(* Let $A(q,x)$, $B(q,x)$, $C(q,x)$ be the generating series $\sum_{n\ge0}\sum_{\gamma\in\mathcal{D}_n}q^{\#w(\gamma)}x^n$ for $w=dduu$, $w=dudu$, $w=duuu$ respectively; let $V(q,x)=\sum_{n\ge0}\sum_{\gamma\in\mathcal{D}_n}q^{\#du(\gamma)}x^n$; and let $F(y,q,x)=\sum_{n\ge0}\sum_{\gamma\in\mathcal{D}_n}y^{\#du(\gamma)}q^{\#duu(\gamma)}x^n$. Here $\#w(\gamma)$ is the number of occurrences of the factor $w$ in $\gamma$. Let $SC_3(x)=\sum_{n\ge0}sc_3(\mathcal{D}_n)x^n$, where $sc_3(\mathcal{D}_n)$ is the number of saturated chains of length 3 in $\mathcal{D}_n$. Then $$ SC_3(x)=2\left[\frac{\partial A}{\partial q}\right]_{q=1}+2\left[\frac{\partial B}{\partial q}\right]_{q=1}+2\left[\frac{\partial C}{\partial q}\right]_{q=1}+\left[\frac{\partial^3 V}{\partial q^3}\right]_{q=1}+6\left[\frac{\partial^2 F}{\partial y\,\partial q}-\frac{\partial F}{\partial q}\right]_{y=q=1}. $$
   Context: A Dyck path of semilength $n$ is a lattice path from $(0,0)$ to $(2n,0)$ with steps $u=(1,1)$ and $d=(1,-1)$ never going below the $x$-axis, identified with a word over $\{u,d\}$. $\mathcal{D}_n$ is the set of Dyck paths of semilength $n$ ordered by containment: $\gamma\le\gamma'$ iff $\gamma$ lies weakly below $\gamma'$. A saturated chain of length $h$ is a sequence $\gamma^{(0)}<\cdots<\gamma^{(h)}$ in which each element covers the previous one. *)

From mathcomp Require Import all_boot all_order all_algebra.
Set Implicit Arguments. Unset Strict Implicit. Unset Printing Implicit Defensive.
Import Order.TTheory GRing.Theory Num.Theory.
Local Open Scope ring_scope.

(* Dyck words: true = u = (1,1), false = d = (1,-1). *)
Definition u_step := true.
Definition d_step := false.

Definition ht (s : seq bool) (i : nat) : int :=
  \sum_(j < i) (if nth false s j then 1 else -1).

Definition dyckb (n : nat) (s : (n.*2).-tuple bool) : bool :=
  [forall i : 'I_(n.*2).+1, 0 <= ht s i] && (ht s n.*2 == 0).

Definition Dyck (n : nat) := {s : (n.*2).-tuple bool | dyckb s}.

Definition leD (n : nat) (g g' : Dyck n) : bool :=
  [forall i : 'I_(n.*2).+1, ht (val g) i <= ht (val g') i].
Definition ltD (n : nat) (g g' : Dyck n) : bool := (g != g') && leD g g'.
Definition coversD (n : nat) (g g' : Dyck n) : bool :=
  ltD g g' && ~~ [exists h : Dyck n, ltD g h && ltD h g'].

Definition sc3 (n : nat) : nat :=
  #|[set c : {ffun 'I_4 -> Dyck n} |
      [forall i : 'I_3, coversD (c (widen_ord (leqnSn 3) i)) (c (lift ord0 i))]]|.

Definition occ (w s : seq bool) : nat :=
  \sum_(i < size s) (take (size w) (drop i s) == w).

(* x^n-coefficient of sum_gamma q^{#w(gamma)} x^n, as a polynomial in q *)
Definition genpoly (w : seq bool) (n : nat) : {poly int} :=
  \sum_(g : Dyck n) 'X^(occ w (val g)).

Definition w_dduu := [:: d_step; d_step; u_step; u_step].
Definition w_dudu := [:: d_step; u_step; d_step; u_step].
Definition w_duuu := [:: d_step; u_step; u_step; u_step].
Definition w_du := [:: d_step; u_step].
Definition w_duu := [:: d_step; u_step; u_step].

Definition Acoef := genpoly w_dduu.
Definition Bcoef := genpoly w_dudu.
Definition Ccoef := genpoly w_duuu.
Definition Vcoef := genpoly w_du.

(* x^n-coefficient of F(y,q,x): polynomial in y whose coefficients are polynomials in q *)
Definition Fcoef (n : nat) : {poly {poly int}} :=
  \sum_(g : Dyck n) 'X^(occ w_du (val g)) * ('X^(occ w_duu (val g)))%:P.

(* A Dyck path is covered exactly by the paths obtained from it by turning one valley du into
   a peak ud, so a saturated chain of length 3 starting at γ is a choice of a valley of γ, then of
   the flipped path, then of the twice flipped path.  Flipping the valley at position i destroys
   it, creates a valley at i-1 when the step before is d and one at i+1 when the step after is u.
   Summing these local changes over the first two flips expresses the number of chains starting
   at γ through the statistics V = #du, #ddu, #duu, #dduu, #dudu, #dddu and #duuu:
     V(V-1)(V-2) + 3(V-1)(#ddu + #duu) + 2 #dduu + 2 #dudu + #dddu + #duuu.
   Reversing a path and exchanging u and d is an involution of D_n that fixes V and exchanges
   #ddu with #duu and #dddu with #duuu, so summed over D_n this becomes
     V(V-1)(V-2) + 6(V-1) #duu + 2 (#dduu + #dudu + #duuu),
   which is the x^n coefficient of the right-hand side. *)

From mathcomp Require Import all_boot all_order all_algebra.
From mathcomp Require Import zify ring.
From Stdlib Require Import FunctionalExtensionality.
Set Implicit Arguments. Unset Strict Implicit. Unset Printing Implicit Defensive.
Import Order.TTheory GRing.Theory Num.Theory.
Local Open Scope ring_scope.

Definition b2z (b : bool) : int := if b then 1 else 0.

(* Words are read through their letter function [nth false s], i.e. followed by an endless
   tail of down steps; [vanishes_from p N] says that this tail starts at [N]. *)
Definition vanishes_from (p : nat -> bool) (N : nat) := forall j, (N <= j)%N -> p j = false.

Definition occurs_at (w : seq bool) (p : nat -> bool) (k : nat) : bool :=
  mkseq (fun j => p (k + j)%N) (size w) == w.

Definition countz (P : pred nat) (N : nat) : int := \sum_(0 <= k < N) b2z (P k).

Lemma occurs_at_vanishing w p N k : last d_step w = u_step -> vanishes_from p N ->
  (N <= k + (size w).-1)%N -> occurs_at w p k = false.
Proof.
move=> w_up van le_N; apply/negbTE/negP => /eqP e.
have w_gt0 : (0 < size w)%N by case: w w_up e {le_N}.
have := congr1 (nth false ^~ (size w).-1) e.
by rewrite nth_mkseq ?prednK // nth_last w_up van.
Qed.

Definition w_ddu := [:: d_step; d_step; u_step].
Definition w_dddu := [:: d_step; d_step; d_step; u_step].

Definition valley (p : nat -> bool) : pred nat := occurs_at w_du p.

Definition valley_flip (p : nat -> bool) (i : nat) : nat -> bool :=
  fun j => if j == i then u_step else if j == i.+1 then d_step else p j.

Ltac unfold_occurs :=
  rewrite /valley /occurs_at /mkseq /w_du /w_ddu /w_duu /w_dddu /w_dduu /w_dudu /w_duuu
          /d_step /u_step /= ?eqseq_cons ?andbT ?addn0 ?addn1 ?addn2 ?addn3 ?eqbF_neg ?eqb_id.

Ltac decide_nat_eqs :=
  repeat match goal with |- context[@eq_op _ ?a ?b] =>
    match type of a with nat =>
      first [ rewrite (_ : (a == b) = true); last by apply/eqP; lia
            | rewrite (_ : (a == b) = false); last by apply/eqP; lia ] end end.

Ltac case_all_letters :=
  repeat match goal with |- context[?p ?x] =>
    match type of p with nat -> bool => case: (p x) end end.

Lemma valley_vanishing p N i : vanishes_from p N -> valley p i ->
  [/\ p i = false, p i.+1 = true & (i.+1 < N)%N].
Proof.
move=> van; unfold_occurs => /andP [/negbTE p_i p_i1]; split => //.
by case: (leqP N i.+1) => // /van; rewrite p_i1.
Qed.

Lemma valley_flip_vanishing p N i : vanishes_from p N -> (i.+1 < N)%N ->
  vanishes_from (valley_flip p i) N.
Proof. by move=> van lt_iN j le_Nj; rewrite /valley_flip; decide_nat_eqs; apply: van. Qed.

Lemma b2z_mul_eq (b : bool) (X Y : int) : (b -> X = Y) -> b2z b * X = b2z b * Y.
Proof. by case: b => [->|_] //; rewrite /b2z !mul0r. Qed.

Lemma big_nat_pick_shift c i N (F : nat -> int) : (i < N + c)%N ->
  \sum_(0 <= k < N) b2z (k + c == i)%N * F k = b2z (c <= i)%N * F (i - c)%N.
Proof.
move=> lt_i; case: (leqP c i) => le_ci.
  rewrite (bigD1_seq (i - c)%N) /= ?mem_index_iota ?iota_uniq //; last by lia.
  rewrite subnK // eqxx /b2z mul1r big1 ?addr0 // => k ne_k.
  by rewrite (_ : (k + c == i)%N = false) ?mul0r //; apply/eqP; move/eqP: ne_k; lia.
rewrite big1 ?mul0r // => k _.
by rewrite (_ : (k + c == i)%N = false) ?mul0r //; apply/eqP; lia.
Qed.

Lemma sum_shift_vanishing c N (F : nat -> int) : (forall k, (N <= k + c)%N -> F k = 0) ->
  \sum_(0 <= i < N) b2z (c <= i)%N * F (i - c)%N = \sum_(0 <= k < N) F k.
Proof.
move=> F0; case: (leqP c N) => le_cN; last first.
  rewrite !big1_seq // => k; rewrite mem_index_iota => lt_kN.
    by apply: F0; lia.
  by rewrite /b2z ifF ?mul0r //; apply/negbTE; rewrite -ltnNge; lia.
rewrite (@big_cat_nat _ _ _ c 0 N) // /= big1_seq ?add0r; last first.
  move=> k; rewrite mem_index_iota => lt_kc.
  by rewrite /b2z ifF ?mul0r //; apply/negbTE; rewrite -ltnNge; lia.
rewrite -{1}(add0n c) big_addn [RHS](@big_cat_nat _ _ _ (N - c) 0 N) ?leq_subr //=.
rewrite [X in _ = _ + X]big1_seq ?addr0; last first.
  by move=> k; rewrite mem_index_iota => k_ge; apply: F0; lia.
by apply: eq_bigr => k _; rewrite addnK /b2z ifT ?mul1r //; lia.
Qed.

Lemma flip_cases (i k : nat) :
  i = k.+2 \/ i = k.+1 \/ i = k \/ k = i.+1 \/ (k.+2 < i)%N \/ (i.+1 < k)%N.
Proof. lia. Qed.

Ltac flip_local k i hi hi1 :=
  let h := fresh "h" in let h1 := fresh "h1" in
  move: (hi) (hi1);
  case: (flip_cases i k) => [->|[->|[->|[->|far]]]] h h1; rewrite /valley_flip; unfold_occurs;
  decide_nat_eqs; rewrite ?h ?h1; case_all_letters; by [].

Section LocalFlip.
Variables (p : nat -> bool) (i : nat).
Hypotheses (p_i : p i = false) (p_i1 : p i.+1 = true).

(* Stated in the shape [b2z (k + c == i) * F k] that [big_nat_pick_shift] sums. *)
Lemma valley_flip_local k :
  b2z (valley (valley_flip p i) k) = b2z (valley p k) + b2z (k + 1 == i)%N * b2z (~~ p k)
     - b2z (k + 0 == i)%N * 1 + b2z (k + 0 == i.+1)%N * b2z (p k.+1).
Proof. flip_local k i p_i p_i1. Qed.

Lemma valley_flip_local_ddu k :
  b2z (occurs_at w_ddu (valley_flip p i) k) = b2z (occurs_at w_ddu p k)
     + b2z (k + 2 == i)%N * b2z (~~ p k && ~~ p k.+1)
     - b2z (k + 1 == i)%N * b2z (~~ p k) + b2z (k + 0 == i.+1)%N * b2z (~~ p k.+1 && p k.+2).
Proof. flip_local k i p_i p_i1. Qed.

Lemma valley_flip_local_duu k :
  b2z (occurs_at w_duu (valley_flip p i) k) = b2z (occurs_at w_duu p k)
     + b2z (k + 2 == i)%N * b2z (~~ p k && p k.+1)
     - b2z (k + 0 == i)%N * b2z (p k.+2) + b2z (k + 0 == i.+1)%N * b2z (p k.+1 && p k.+2).
Proof. flip_local k i p_i p_i1. Qed.
End LocalFlip.

Section FlipCounts.
Variables (p : nat -> bool) (i N : nat).
Hypotheses (p_i : p i = false) (p_i1 : p i.+1 = true) (lt_i1N : (i.+1 < N)%N).

Lemma count_valley_flip :
  countz (valley (valley_flip p i)) N = countz (valley p) N
    + b2z (1 <= i)%N * b2z (~~ p (i - 1)%N) - 1 + b2z (p i.+2).
Proof.
rewrite /countz; under eq_bigr do rewrite valley_flip_local //.
rewrite !big_split /= sumrN !big_nat_pick_shift; try lia.
by rewrite subn0 /b2z /= !mul1r.
Qed.

Lemma count_ddu_flip :
  countz (occurs_at w_ddu (valley_flip p i)) N = countz (occurs_at w_ddu p) N
    + b2z (2 <= i)%N * b2z (~~ p (i - 2)%N && ~~ p (i - 2)%N.+1)
    - b2z (1 <= i)%N * b2z (~~ p (i - 1)%N) + b2z (~~ p i.+2 && p i.+3).
Proof.
rewrite /countz; under eq_bigr do rewrite valley_flip_local_ddu //.
rewrite !big_split /= sumrN !big_nat_pick_shift; try lia.
by rewrite subn0 /b2z /= !mul1r.
Qed.

Lemma count_duu_flip :
  countz (occurs_at w_duu (valley_flip p i)) N = countz (occurs_at w_duu p) N
    + b2z (2 <= i)%N * b2z (~~ p (i - 2)%N && p (i - 2)%N.+1)
    - b2z (p i.+2) + b2z (p i.+2 && p i.+3).
Proof.
rewrite /countz; under eq_bigr do rewrite valley_flip_local_duu //.
rewrite !big_split /= sumrN !big_nat_pick_shift; try lia.
by rewrite !subn0 /b2z /= !mul1r.
Qed.
End FlipCounts.

Ltac case_letters := unfold_occurs; rewrite /b2z; case_all_letters.

Ltac shift_by c :=
  let van := fresh "van" in
  move=> van; rewrite /countz -(@sum_shift_vanishing c); last first;
  [ by move=> k le_k; rewrite (occurs_at_vanishing _ van) //=; lia
  | apply: eq_bigr => -[|[|j]] _ //=; rewrite ?subn1 ?subn2 /=; case_letters; by [] ].

Section NeighbourSums.
Variables (p : nat -> bool) (N : nat).

Lemma sum_valley_prev_d : vanishes_from p N ->
  \sum_(0 <= i < N) b2z (valley p i) * (b2z (1 <= i)%N * b2z (~~ p (i - 1)%N))
    = countz (occurs_at w_ddu p) N.
Proof. shift_by 1%N. Qed.

Lemma sum_valley_prev_dd : vanishes_from p N ->
  \sum_(0 <= i < N) b2z (valley p i) * (b2z (2 <= i)%N * b2z (~~ p (i - 2)%N && ~~ p (i - 2)%N.+1))
    = countz (occurs_at w_dddu p) N.
Proof. shift_by 2%N. Qed.

Lemma sum_valley_prev_du : vanishes_from p N ->
  \sum_(0 <= i < N) b2z (valley p i) * (b2z (2 <= i)%N * b2z (~~ p (i - 2)%N && p (i - 2)%N.+1))
    = countz (occurs_at w_dudu p) N.
Proof. shift_by 2%N. Qed.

**Your assignment:**
Your answer should consist only of the lines above between the line holding "Definition w_ddu := [:: d_step;" and the line holding "move=> lt_i; case: (leqP c i) => le_ci.", inclusive, each transcribed exactly.

**Response to the task:**
Definition w_ddu := [:: d_step; d_step; u_step].
Definition w_dddu := [:: d_step; d_step; d_step; u_step].

Definition valley (p : nat -> bool) : pred nat := occurs_at w_du p.

Definition valley_flip (p : nat -> bool) (i : nat) : nat -> bool :=
  fun j => if j == i then u_step else if j == i.+1 then d_step else p j.

Ltac unfold_occurs :=
  rewrite /valley /occurs_at /mkseq /w_du /w_ddu /w_duu /w_dddu /w_dduu /w_dudu /w_duuu
          /d_step /u_step /= ?eqseq_cons ?andbT ?addn0 ?addn1 ?addn2 ?addn3 ?eqbF_neg ?eqb_id.

Ltac decide_nat_eqs :=
  repeat match goal with |- context[@eq_op _ ?a ?b] =>
    match type of a with nat =>
      first [ rewrite (_ : (a == b) = true); last by apply/eqP; lia
            | rewrite (_ : (a == b) = false); last by apply/eqP; lia ] end end.

Ltac case_all_letters :=
  repeat match goal with |- context[?p ?x] =>
    match type of p with nat -> bool => case: (p x) end end.

Lemma valley_vanishing p N i : vanishes_from p N -> valley p i ->
  [/\ p i = false, p i.+1 = true & (i.+1 < N)%N].
Proof.
move=> van; unfold_occurs => /andP [/negbTE p_i p_i1]; split => //.
by case: (leqP N i.+1) => // /van; rewrite p_i1.
Qed.

Lemma valley_flip_vanishing p N i : vanishes_from p N -> (i.+1 < N)%N ->
  vanishes_from (valley_flip p i) N.
Proof. by move=> van lt_iN j le_Nj; rewrite /valley_flip; decide_nat_eqs; apply: van. Qed.

Lemma b2z_mul_eq (b : bool) (X Y : int) : (b -> X = Y) -> b2z b * X = b2z b * Y.
Proof. by case: b => [->|_] //; rewrite /b2z !mul0r. Qed.

Lemma big_nat_pick_shift c i N (F : nat -> int) : (i < N + c)%N ->
  \sum_(0 <= k < N) b2z (k + c == i)%N * F k = b2z (c <= i)%N * F (i - c)%N.
Proof.
move=> lt_i; case: (leqP c i) => le_ci.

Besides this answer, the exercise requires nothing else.